与NaCl胁迫相比,具有高pH值的NaHCO_3胁迫对植物的影响更加复杂。本文以星星草为研究对象,以水稻品种“日本晴”为对照,利用显微、超微观察、双向电泳等研究方法和手段,不但对NaHCO_3胁迫下星星草种子萌发、幼苗生长特点、气孔特性、叶片及根的表皮结构特征进行了观察,还对星星草体内钾、钠、钙三种重要离子组分的吸收与运输特点,以及星星草根部蛋白质图谱的变化进行了系统的研究,从微观形态、离子分布及蛋白表达三个不同层面揭示了盐生植物星星草的耐盐基础。研究结果对进一步了解星星草的耐盐特性具有很实际的指导意义,而且,蛋白质水平的研究还为了解星星草对NaHCO_3胁迫的响应提供了新的线索,为我们用遗传手段进一步研究这些基因的功能奠定了重要基础。
上述研究的主要结论如下:
1.总体讲,星星草种子发芽率与NaHCO_3浓度成反比,NaHCO_3胁迫对星星草幼苗株高及干物重影响不明显,对水稻幼苗株高和干物重有一定的抑制作用。
2.星星草叶表气孔长度在短时间低浓度NaHCO_3胁迫下增加,高浓度下减小;高浓度和长时间的NaHCO_3胁迫均促进气孔宽度增加,两者的作用有叠加效应;低浓度NaHCO_3胁迫即可引起水稻叶表皮的气孔长度、宽度明显下降;无盐胁迫时,星星草叶表的气孔密度是水稻的7倍多。

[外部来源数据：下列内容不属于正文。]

(* Let $\Gamma\subseteq A$ be $\Bbbk$-algebras, $\sim$ an equivalence relation on $\mathrm{cfs}(\Gamma)$, with $\Gamma$ a Harish-Chandra block subalgebra of $A$, and let $V$ be a Harish-Chandra block module. Then: (i) if $\mathcal D\subseteq\mathrm{cfs}(\Gamma)/{\sim}$ is $\prec$-closed (i.e. $B\in\mathcal D$ and $B\prec C$ imply $C\in\mathcal D$), then $V(\mathcal D):=\bigoplus_{B\in\mathcal D}V(B)$ is an $A$-submodule of $V$; (ii) $V=\bigoplus_{\mathcal D\in(\mathrm{cfs}(\Gamma)/{\sim})/\Delta}V(\mathcal D)$ as $A$-modules; (iii) if $V$ is indecomposable and $B\in\mathrm{Supp}(V)$, then $\mathrm{Supp}(V)$ is contained in the $\Delta$-class of $B$; (iv) if $V$ is irreducible and $B\in\mathrm{Supp}(V)$, then $\mathrm{Supp}(V)$ is contained in the $\nabla$-class of $B$.
   Context: $\mathrm{cfs}(\Gamma)$: maximal two-sided ideals $\mathfrak m$ with $\dim\Gamma/\mathfrak m<\infty$. For a class $B$, $\mathcal W(B)=\{\mathfrak m_1\cdots\mathfrak m_k:k\ge0,\mathfrak m_i\in B\}$; for a $\Gamma$-module $V$, $V(B)=\{v:\mathfrak mv=0$ for some $\mathfrak m\in\mathcal W(B)\}$; $V$ is a block module if $V=\bigoplus_BV(B)$; $\mathrm{Supp}(V)=\{B:V(B)\ne0\}$. A Harish-Chandra block module is an $A$-module that is a block module over $\Gamma$. $\Gamma$ is a Harish-Chandra block subalgebra of $A$ if $A/A\mathfrak m$ is a block module for every $B$ and $\mathfrak m\in\mathcal W(B)$. $\prec$ is the preorder on $\mathrm{cfs}(\Gamma)/{\sim}$ generated by $B\prec C$ whenever $C\in\mathrm{Supp}(A/A\mathfrak m)$ for some $\mathfrak m\in B$; $\Delta$ is the equivalence relation generated by $\prec$ and $\nabla$ the equivalence relation induced by $\prec$ ($B\nabla C$ iff $B\prec C$ and $C\prec B$). *)

From mathcomp Require Import all_boot all_algebra.
From Stdlib Require Import Relations.
From Stdlib Require List.
Set Implicit Arguments. Unset Strict Implicit. Unset Printing Implicit Defensive.
Import GRing.Theory.
Local Open Scope ring_scope.

Section Defs.
Variables (k : fieldType) (A : algType k).

Definition is_subalgebra (G : A -> Prop) : Prop :=
  [/\ G 0, G 1, (forall x y, G x -> G y -> G (x + y)),
      (forall (c : k) x, G x -> G (c *: x)) & (forall x y, G x -> G y -> G (x * y))].

Definition is_ideal (G : A -> Prop) (I : A -> Prop) : Prop :=
  [/\ forall x, I x -> G x, I 0,
      (forall x y, I x -> I y -> I (x - y)),
      (forall g x, G g -> I x -> I (g * x)) & (forall g x, G g -> I x -> I (x * g))].

Definition is_maximal_ideal (G : A -> Prop) (I : A -> Prop) : Prop :=
  [/\ is_ideal G I, I <> G &
      forall J, is_ideal G J -> (forall x, I x -> J x) -> J = I \/ J = G].

Definition finite_codim (G : A -> Prop) (I : A -> Prop) : Prop :=
  exists n (e : 'I_n -> A), (forall i, G (e i)) /\
    forall g, G g -> exists c : 'I_n -> k, I (g - \sum_(i < n) c i *: e i).

Definition cfs (G : A -> Prop) (I : A -> Prop) : Prop :=
  is_maximal_ideal G I /\ finite_codim G I.

Definition equiv_on (P : (A -> Prop) -> Prop) (R : (A -> Prop) -> (A -> Prop) -> Prop) :=
  [/\ (forall m, P m -> R m m),
      (forall m n, P m -> P n -> R m n -> R n m) &
      (forall m n p, P m -> P n -> P p -> R m n -> R n p -> R m p)].

Variables (G : A -> Prop) (sim : (A -> Prop) -> (A -> Prop) -> Prop).

Definition isClass (B : (A -> Prop) -> Prop) : Prop :=
  exists m, cfs G m /\ B = (fun n => cfs G n /\ sim m n).

Definition idealMul (I J : A -> Prop) : A -> Prop :=
  fun x => exists n (a b : 'I_n -> A), (forall i, I (a i) /\ J (b i)) /\
                                     x = \sum_(i < n) a i * b i.

Fixpoint iprod (s : seq (A -> Prop)) : A -> Prop :=
  match s with [::] => G | m :: s' => idealMul m (iprod s') end.

Definition Wprod (B : (A -> Prop) -> Prop) (I : A -> Prop) : Prop :=
  exists s : seq (A -> Prop), (forall m, List.In m s -> B m) /\ I = iprod s.

(** Generic Gamma-module theory for a quotient M / N, where M is a k-vector
    space, act : A -> M -> M (only elements of G are used) and N a
    Gamma-stable subspace.  Sets of M/N are represented by their preimages
    in M. For a genuine module V we take N = {0}. *)
Section Quot.
Variables (M : lmodType k) (act : A -> M -> M) (N : M -> Prop).

Definition comp (B : (A -> Prop) -> Prop) : M -> Prop :=
  fun x => exists I, Wprod B I /\ forall g, I g -> N (act g x).

Definition sumsp (I : Type) (P : I -> Prop) (W : I -> M -> Prop) : M -> Prop :=
  fun x => exists n (j : 'I_n -> I) (w : 'I_n -> M),
    (forall i, P (j i) /\ W (j i) (w i)) /\ N (x - \sum_(i < n) w i).

Definition is_dsum (I : Type) (P : I -> Prop) (W : I -> M -> Prop) : Prop :=
  (forall x, sumsp P W x) /\
  (forall n (j : 'I_n -> I) (w : 'I_n -> M), injective j ->
     (forall i, P (j i) /\ W (j i) (w i)) -> N (\sum_(i < n) w i) ->
     forall i, N (w i)).

Definition block_module : Prop := is_dsum isClass comp.

Definition Supp (B : (A -> Prop) -> Prop) : Prop :=
  isClass B /\ exists x, comp B x /\ ~ N x.
End Quot.

Definition leftIdeal (m : A -> Prop) : A -> Prop :=
  fun x => exists n (a g : 'I_n -> A), (forall i, m (g i)) /\
                                     x = \sum_(i < n) a i * g i.

Definition lmul : A -> A -> A := fun a x => a * x.

Definition HC_block_subalgebra : Prop :=
  forall B, isClass B -> forall m, Wprod B m ->
    block_module lmul (leftIdeal m).

Definition prec_gen (B C : (A -> Prop) -> Prop) : Prop :=
  isClass B /\ isClass C /\ exists m, B m /\ Supp lmul (leftIdeal m) C.

Definition prec := clos_refl_trans _ prec_gen.
Definition Delta := clos_refl_sym_trans _ prec_gen.
Definition nabla B C := prec B C /\ prec C B.

Section Mod.
Variables (V : lmodType k) (act : A -> V -> V).

Definition is_Amodule : Prop :=
  [/\ (forall a x y, act a (x + y) = act a x + act a y) /\
      (forall a (c : k) x, act a (c *: x) = c *: act a x),
      (forall a b x, act (a + b) x = act a x + act b x),
      (forall (c : k) a x, act (c *: a) x = c *: act a x),
      (forall x, act 1 x = x) &
      (forall a b x, act (a * b) x = act a (act b x))].

Definition zeroV : V -> Prop := fun x => x = 0.

Definition is_Asubmodule (U : V -> Prop) : Prop :=
  [/\ U 0, (forall x y, U x -> U y -> U (x + y)),
      (forall (c : k) x, U x -> U (c *: x)) &
      (forall a x, U x -> U (act a x))].

Definition nonzero_module : Prop := exists v : V, v <> 0.

Definition indecomposable : Prop :=
  nonzero_module /\
  forall U1 U2, is_Asubmodule U1 -> is_Asubmodule U2 ->
    (forall v, exists u1 u2, U1 u1 /\ U2 u2 /\ v = u1 + u2) ->
    (forall v, U1 v -> U2 v -> v = 0) ->
    (forall v, U1 v -> v = 0) \/ (forall v, U2 v -> v = 0).

Definition irreducible : Prop :=
  nonzero_module /\
  forall U, is_Asubmodule U -> (forall v, U v -> v = 0) \/ (forall v, U v).

Definition VD (D : ((A -> Prop) -> Prop) -> Prop) : V -> Prop :=
  sumsp zeroV D (comp act zeroV).
End Mod.

End Defs.

(* Fix a class B and m_1, ..., m_k in B.  The crux is that every class C of
   Supp(A/A m_1...m_k) satisfies B ≺ C.  By induction on k: if y is a nonzero
   element of (A/A m_1...m_k)(C) lying in A m_2...m_k, write y = Σ c_i b_i with
   b_i in m_2...m_k; decomposing each c_i in the block module A/A m_1 and
   multiplying on the right by b_i expresses y as a sum of components of
   A/A m_1...m_k whose classes lie in Supp(A/A m_1), and directness forces C
   to be one of them.
   If now x in V(B) is killed by m_1...m_k, decomposing a in A/A m_1...m_k
   writes a x as a sum of elements of the V(C) with B ≺ C, so V(D) is a
   submodule for every ≺-closed D; this is (i).  Parts (ii)-(iv) apply (i) to
   the Δ-classes, to their complements and to the ≺-successors of B, together
   with the fact that sums of components over disjoint sets of classes meet
   only in 0. *)

From Pilot Require Import Defs.
From HB Require Import structures.
From mathcomp Require Import all_boot all_algebra.
From mathcomp Require Import boolp.
From Stdlib Require Import Relations.
From Stdlib Require List.
Set Implicit Arguments. Unset Strict Implicit. Unset Printing Implicit Defensive.
Import GRing.Theory.
Local Open Scope ring_scope.

(* ssrfun's function composition is also called [comp]. *)
Local Notation comp := Defs.comp.

Lemma In_nth (T : Type) (x0 : T) (s : seq T) i :
  (i < size s)%N -> List.In (nth x0 s i) s.
Proof. by elim: s i => [|x s IHs] [|i] //= lti; [left | right; exact: IHs]. Qed.

Lemma eq_bigl_In (R : Type) (idx : R) (op : R -> R -> R) (I : Type) (s : seq I)
    (P1 P2 : pred I) (F : I -> R) :
  (forall i, List.In i s -> P1 i = P2 i) ->
  \big[op/idx]_(i <- s | P1 i) F i = \big[op/idx]_(i <- s | P2 i) F i.
Proof.
elim: s => [|i s IHs] eqP12; first by rewrite !big_nil.
by rewrite !big_cons eqP12 ?IHs //; [move=> j sj; apply: eqP12; right | left].
Qed.

Lemma zmod_morphism0 (U U' : zmodType) (f : U -> U') : zmod_morphism f -> f 0 = 0.
Proof. by move=> fB; rewrite -(subrr 0) fB subrr. Qed.

Section SubgroupPred.
Variables (V : zmodType) (S : V -> Prop).

Definition subgroup_pred := S 0 /\ forall x y, S x -> S y -> S (x - y).

Hypothesis HS : subgroup_pred.

Lemma subgroup0 : S 0. Proof. by case: HS. Qed.
Lemma subgroupB x y : S x -> S y -> S (x - y). Proof. by case: HS => _; apply. Qed.
Lemma subgroupN x : S x -> S (- x).
Proof. by move=> Sx; rewrite -sub0r; apply: subgroupB => //; exact: subgroup0. Qed.
Lemma subgroupD x y : S x -> S y -> S (x + y).
Proof. by move=> Sx Sy; rewrite -[y]opprK; apply: subgroupB => //; exact: subgroupN. Qed.

End SubgroupPred.

Section Sums.
Variables (k : fieldType) (M : lmodType k) (T : Type) (N : M -> Prop).
Hypothesis HN : subgroup_pred N.
Implicit Types (P : T -> Prop) (W : T -> M -> Prop).

Definition family_in P W (t : seq (T * M)) :=
  forall p, List.In p t -> P p.1 /\ W p.1 p.2.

3.星星草与水稻的叶表都有蜡质层存在。NaHCO_3胁迫浓度增大及胁迫天数增多均能促进蜡质层密度增加,从增加的幅度比较,星星草>水稻;星星草叶表有分泌物质存在,分泌物质随NaHCO_3胁迫浓度增大及胁迫天数增多而增加,高浓度下,星星草叶表还有盐结晶析出,水稻叶表无盐结晶或其它分泌物质出现;星星草与水稻根的表皮上都具有侧根和分泌物质,从侧根的数量比较,星星草>水稻,长时间高浓度胁迫下侧根明显收缩变细;随胁迫浓度增大或胁迫时间增长,星星草分泌物质的量增多。水稻分泌物质的量则没有表现出任何规律性的变化。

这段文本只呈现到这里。